**Task to carry out**
Every line in the data below from the one containing "Lemma sqr_eq_mul4_even (s" down to the one containing "case: v f f'", both included, must be retyped exactly; no other line is to appear.
....
(* Let $m$ be an integer and $n>0$ an integer. (1) The ordered root quadruples $\mathbf v=(w,x,y,z)$, $w\le x\le y\le z$, with $L(\mathbf v)>0$, $Q_{\mathcal D}(\mathbf v)=4m$ and smallest element $w=-n$ are in one-to-one correspondence with the integral binary quadratic forms $[A,B,C]=AX^2+2BXY+CY^2$ (primitive or imprimitive) of discriminant $\Delta=4B^2-4AC=-4n^2+4m$ satisfying $0\le 2B\le A\le C$; the correspondence is given by $$[A,B,C]=\left[-n+x,\ \tfrac12(-n+x+y-z),\ -n+y\right].$$ (2) If $\Delta=-4n^2+4m<0$, then $N_{\mathrm{root}}(4m;-n)=\widetilde{h^{\pm}}(-4(n^2-m))$.
   Context: $Q_{\mathcal D}(a,b,c,d)=2(a^2+b^2+c^2+d^2)-(a+b+c+d)^2$; $L(\mathbf v)=a+b+c+d$; $|\mathbf v|=|a|+|b|+|c|+|d|$. $\mathbf S_i$ ($i=1,\dots,4$) is the integer matrix replacing the $i$-th coordinate $a_i$ of a quadruple by $2\sum_{j\ne i}a_j-a_i$, other coordinates fixed. An integer quadruple is reduced if no $\mathbf S_i$ strictly decreases $|\cdot|$; a reduced quadruple ordered as $a\le b\le c\le d$ with $L\ge0$ is a root quadruple if $a+b+c\ge d>0$. $N_{\mathrm{root}}(k;-n)$ is the number of integer root quadruples $(w,x,y,z)$ with $Q_{\mathcal D}=k$, $w+x+y+z>0$ and smallest element $w=-n$. For a discriminant $\Delta<0$, $\widetilde{h^{\pm}}(\Delta)$ is the number of integral binary quadratic forms $[A,B,C]=AT^2+2BTU+CU^2$ (primitive or imprimitive) with $4B^2-4AC=\Delta$ and $0\le2B\le A\le C$ (the $GL(2,\mathbb Z)$-reduced forms; equivalently the number of $GL(2,\mathbb Z)$-equivalence classes of positive definite forms of discriminant $\Delta$). *)

From mathcomp Require Import all_boot all_order all_algebra.
Set Implicit Arguments. Unset Strict Implicit. Unset Printing Implicit Defensive.
Import Order.TTheory GRing.Theory Num.Theory.
Local Open Scope ring_scope.

Definition quad := (int * int * int * int)%type.

Definition QD (v : quad) : int :=
  let: (a, b, c, d) := v in
  2 * (a ^+ 2 + b ^+ 2 + c ^+ 2 + d ^+ 2) - (a + b + c + d) ^+ 2.

Definition Lq (v : quad) : int := let: (a, b, c, d) := v in a + b + c + d.

Definition absq (v : quad) : int :=
  let: (a, b, c, d) := v in `|a| + `|b| + `|c| + `|d|.

(* S_i (i = 1..4, here indexed by i : 'I_4 = 0..3): replace the i-th
   coordinate a_i by 2 * (sum of the other coordinates) - a_i. *)
Definition Sop (i : 'I_4) (v : quad) : quad :=
  let: (a, b, c, d) := v in
  match val i with
  | 0%N => (2 * (b + c + d) - a, b, c, d)
  | 1%N => (a, 2 * (a + c + d) - b, c, d)
  | 2%N => (a, b, 2 * (a + b + d) - c, d)
  | _ => (a, b, c, 2 * (a + b + c) - d)
  end.

Definition reduced (v : quad) : Prop :=
  forall i : 'I_4, ~ (absq (Sop i v) < absq v).

Definition root_quad (v : quad) : Prop :=
  let: (a, b, c, d) := v in
  [/\ reduced v, a <= b <= c, c <= d, 0 <= Lq v & d <= a + b + c /\ 0 < d].

Definition root_set (k n : int) (v : quad) : Prop :=
  let: (w, x, y, z) := v in
  [/\ root_quad v, 0 < Lq v, QD v = k & w = - n].

(* Binary forms [A,B,C] = A T^2 + 2 B T U + C U^2. *)
Definition bform := (int * int * int)%type.

Definition disc (f : bform) : int :=
  let: (A, B, C) := f in 4 * B ^+ 2 - 4 * A * C.

(* GL(2,Z)-reduced forms of discriminant D: 0 <= 2B <= A <= C. *)
Definition reduced_form_set (D : int) (f : bform) : Prop :=
  let: (A, B, C) := f in [/\ disc f = D, 0 <= 2 * B, 2 * B <= A & A <= C].

Definition corr (n : int) (v : quad) (f : bform) : Prop :=
  let: (w, x, y, z) := v in
  let: (A, B, C) := f in
  [/\ A = - n + x, 2 * B = - n + x + y - z & C = - n + y].

Definition has_card (T : eqType) (P : T -> Prop) (N : nat) : Prop :=
  exists s : seq T, [/\ uniq s, forall x, x \in s <-> P x & size s = N].

Definition Nroot_is (k n : int) (N : nat) : Prop := has_card (root_set k n) N.

Definition htilde_is (D : int) (N : nat) : Prop := has_card (reduced_form_set D) N.

From mathcomp Require Import all_boot all_order all_algebra zify ring.
Set Implicit Arguments. Unset Strict Implicit. Unset Printing Implicit Defensive.
Import Order.TTheory GRing.Theory Num.Theory.
Local Open Scope ring_scope.

(* With w = -n, the substitution A = x + w, C = y + w, 2B = w + x + y - z turns
   Q_D(w,x,y,z) into 4B^2 - 4AC + 4n^2, so Q_D = 4m is exactly disc [A,B,C] = 4m - 4n^2,
   and the evenness of w + x + y - z is forced by that equation. The root conditions
   on (w,x,y,z) translate into 0 <= 2B <= A <= C, and conversely every such form gives
   back a quadruple that no S_i shrinks. Counting then reduces to the finiteness of the
   reduced forms of a negative discriminant, all of which lie in the box [0, -D]^3. *)

Section Cardinality.

Variables T U : eqType.

Lemma has_card_filter_undup (P : T -> Prop) (p : pred T) (s : seq T) :
  (forall x, reflect (P x) (p x)) -> {subset p <= s} ->
  has_card P (size (filter p (undup s))).
Proof.
move=> pP ps; exists (filter p (undup s)); split => //.
  by rewrite filter_uniq ?undup_uniq.
move=> x; rewrite mem_filter mem_undup; split; first by case/andP => /pP.
by move=> /pP px; rewrite px ps.
Qed.

Lemma has_card_image (P : T -> Prop) (Q : U -> Prop) (f : T -> U) (N : nat) :
  injective f -> (forall y, Q y <-> exists2 x, P x & y = f x) ->
  has_card P N -> has_card Q N.
Proof.
move=> f_inj QP [s [s_uniq sP <-]]; exists (map f s); split.
- by rewrite map_inj_uniq.
- move=> y; rewrite QP; split.
    by case/mapP => x /sP Px ->; exists x.
  by case=> x /sP sx ->; apply: map_f.
- by rewrite size_map.
Qed.

End Cardinality.

Definition quad_of_form (n : int) (f : bform) : quad :=
  let: (A, B, C) := f in (- n, A + n, C + n, A + C + n - 2 * B).

Lemma QD_reduce (w x y z : int) :
  QD (w, x, y, z) = (w + x + y - z) ^+ 2 - 4 * (x + w) * (y + w) + 4 * w ^+ 2.
Proof. rewrite /QD; ring. Qed.

Lemma sqr_eq_mul4_even (s k : int) : s ^+ 2 = 4 * k -> exists b, s = 2 * b.
Proof.
move=> sk; exists (s %/ 2)%Z.
have s_divmod := divz_eq s 2.
have r_ge0 := modz_ge0 s (isT : 2 != 0 :> int).
have r_lt2 := ltz_pmod s (isT : 0 < 2 :> int).
move: sk s_divmod r_ge0 r_lt2; set q := (s %/ 2)%Z; set r := (s %% 2)%Z.
nia.
Qed.

Lemma corr_quad_of_form (n : int) (f : bform) : corr n (quad_of_form n f) f.
Proof. by case: f => [[A B] C]; split; lia. Qed.

Lemma corr_form_uniq (n : int) (v : quad) (f f' : bform) :
  corr n v f -> corr n v f' -> f = f'.
Proof.
case: v f f' => [[[w x] y] z] [[A B] C] [[A' B'] C'] [eA eB eC] [eA' eB' eC'].
congr (_, _, _); lia.
Qed.

Lemma corr_quad_uniq (n w x y z : int) (f : bform) :
  w = - n -> corr n (w, x, y, z) f -> (w, x, y, z) = quad_of_form n f.
Proof. by case: f => [[A B] C] -> [eA eB eC]; congr (_, _, _, _); lia. Qed.

Lemma reduced_quad_of_form (n A B C : int) : 0 < n ->
  0 <= 2 * B -> 2 * B <= A -> A <= C -> reduced (quad_of_form n (A, B, C)).
Proof. by move=> n_gt0 B_ge0 BA AC -[[|[|[|[|i]]]] //= _]; rewrite /absq; lia. Qed.

Lemma root_set_quad_of_form (m n : int) (f : bform) : 0 < n ->
  reduced_form_set (- 4 * n ^+ 2 + 4 * m) f -> root_set (4 * m) n (quad_of_form n f).
Proof.
case: f => [[A B] C] n_gt0 [/= discE B_ge0 BA AC].
split=> //=; [split=> //=; [exact: reduced_quad_of_form | lia ..] | lia | lia].
Qed.

Lemma form_of_root_set (m n : int) (v : quad) : root_set (4 * m) n v ->
  exists2 f, reduced_form_set (- 4 * n ^+ 2 + 4 * m) f & corr n v f.
Proof.
case: v => [[[w x] y] z] [[_ /andP[_ xy] yz _ [zwxy _]] _ QDE wE].
move: QDE; rewrite QD_reduce => QDE.
have [B twoB] : exists B, w + x + y - z = 2 * B.
  apply: (@sqr_eq_mul4_even _ (m - w ^+ 2 + (x + w) * (y + w))).
  by rewrite mulrDr mulrBr -QDE; ring.
have discE : 4 * B ^+ 2 - 4 * (x - n) * (y - n) = - 4 * n ^+ 2 + 4 * m.
  by rewrite -QDE twoB wE; ring.
by exists (x - n, B, y - n); split; rewrite /disc; lia.
Qed.

Lemma quad_of_form_inj (n : int) : injective (quad_of_form n).
Proof.
by move=> [[A B] C] [[A' B'] C'] /= [eA eC eB]; congr (_, _, _); lia.
Qed.

Lemma reduced_form_bounds (D A B C : int) : D < 0 ->
  reduced_form_set D (A, B, C) -> [/\ 0 <= A <= - D, 0 <= B <= - D & 0 <= C <= - D].
Proof.
move=> D_lt0 [/= discE B_ge0 BA AC].
have A_gt0 : 0 < A by nia.
have AC_le : 3 * (A * C) <= - D by nia.
have C_le : C <= A * C by nia.
by split; lia.
Qed.

Definition int_box (M : nat) : seq bform :=
  let r := [seq k%:Z | k <- iota 0 M.+1] in
  [seq (ab, c) | ab <- [seq (a, b) | a <- r, b <- r], c <- r].

Lemma mem_int_box (M : nat) (A B C : int) :
  0 <= A <= M%:Z -> 0 <= B <= M%:Z -> 0 <= C <= M%:Z -> (A, B, C) \in int_box M.
Proof.
have mem_r (a : int) : 0 <= a <= M%:Z -> a \in [seq k%:Z | k <- iota 0 M.+1].
  move=> /andP[a_ge0 aM]; have [k ak] : exists k : nat, a = k%:Z by exists `|a|%N; lia.
  by rewrite ak in aM *; apply: map_f; rewrite mem_iota; lia.
by move=> /mem_r rA /mem_r rB /mem_r rC; do 2?apply: allpairs_f.
Qed.

Definition reduced_formb (D : int) (f : bform) : bool :=
  let: (A, B, C) := f in [&& disc f == D, 0 <= 2 * B, 2 * B <= A & A <= C].

Lemma reduced_formP (D : int) (f : bform) :
  reflect (reduced_form_set D f) (reduced_formb D f).
Proof.
by case: f => [[A B] C]; apply: (iffP and4P) => [[/eqP]|[->]]; split.
Qed.

Lemma reduced_forms_finite (D : int) : D < 0 -> exists N, has_card (reduced_form_set D) N.
Proof.
move=> D_lt0.
have box_p : {subset reduced_formb D <= int_box `|D|%N}.
  move=> [[A B] C] /reduced_formP /(reduced_form_bounds D_lt0) [hA hB hC].
  by apply: mem_int_box; lia.
by eexists; apply: has_card_filter_undup box_p; apply: reduced_formP.
Qed.

Theorem theorem4p1 (m n : int) (hn : 0 < n) :
  let D := - 4 * n ^+ 2 + 4 * m in
  ((forall v, root_set (4 * m) n v ->
      exists! f, reduced_form_set D f /\ corr n v f) /\
   (forall f, reduced_form_set D f ->
      exists! v, root_set (4 * m) n v /\ corr n v f)) /\
  (D < 0 -> exists N : nat, Nroot_is (4 * m) n N /\ htilde_is (- 4 * (n ^+ 2 - m)) N).
Proof.
move=> D.
have root_eq v : root_set (4 * m) n v -> exists2 f, reduced_form_set D f & v = quad_of_form n f.
  move=> rv; have [f Df vf] := form_of_root_set rv; exists f => //.
  by case: v rv vf => [[[w x] y] z] [_ _ _ wE]; apply: corr_quad_uniq.
split; [split|].
- move=> v rv; have [f Df vf] := form_of_root_set rv.
  by exists f; split=> // f' [_ vf']; apply: corr_form_uniq vf vf'.
- move=> f Df; exists (quad_of_form n f).
  split; first by split; [apply: root_set_quad_of_form | apply: corr_quad_of_form].
  move=> v [/root_eq [f' _ ->] vf].
  by rewrite (corr_form_uniq (corr_quad_of_form n f') vf).
- move=> D_lt0; have [N DN] := reduced_forms_finite D_lt0.
  have -> : - 4 * (n ^+ 2 - m) = D by rewrite /D; ring.
  exists N; split=> //; apply: has_card_image DN; first by apply: quad_of_form_inj.
  move=> v; split; first exact: root_eq.
  by case=> f Df ->; apply: root_set_quad_of_form.
Qed.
....
**Solution to the problem**
Lemma sqr_eq_mul4_even (s k : int) : s ^+ 2 = 4 * k -> exists b, s = 2 * b.
Proof.
move=> sk; exists (s %/ 2)%Z.
have s_divmod := divz_eq s 2.
have r_ge0 := modz_ge0 s (isT : 2 != 0 :> int).
have r_lt2 := ltz_pmod s (isT : 0 < 2 :> int).
move: sk s_divmod r_ge0 r_lt2; set q := (s %/ 2)%Z; set r := (s %% 2)%Z.
nia.
Qed.

Lemma corr_quad_of_form (n : int) (f : bform) : corr n (quad_of_form n f) f.
Proof. by case: f => [[A B] C]; split; lia. Qed.

Lemma corr_form_uniq (n : int) (v : quad) (f f' : bform) :
  corr n v f -> corr n v f' -> f = f'.
Proof.
case: v f f' => [[[w x] y] z] [[A B] C] [[A' B'] C'] [eA eB eC] [eA' eB' eC'].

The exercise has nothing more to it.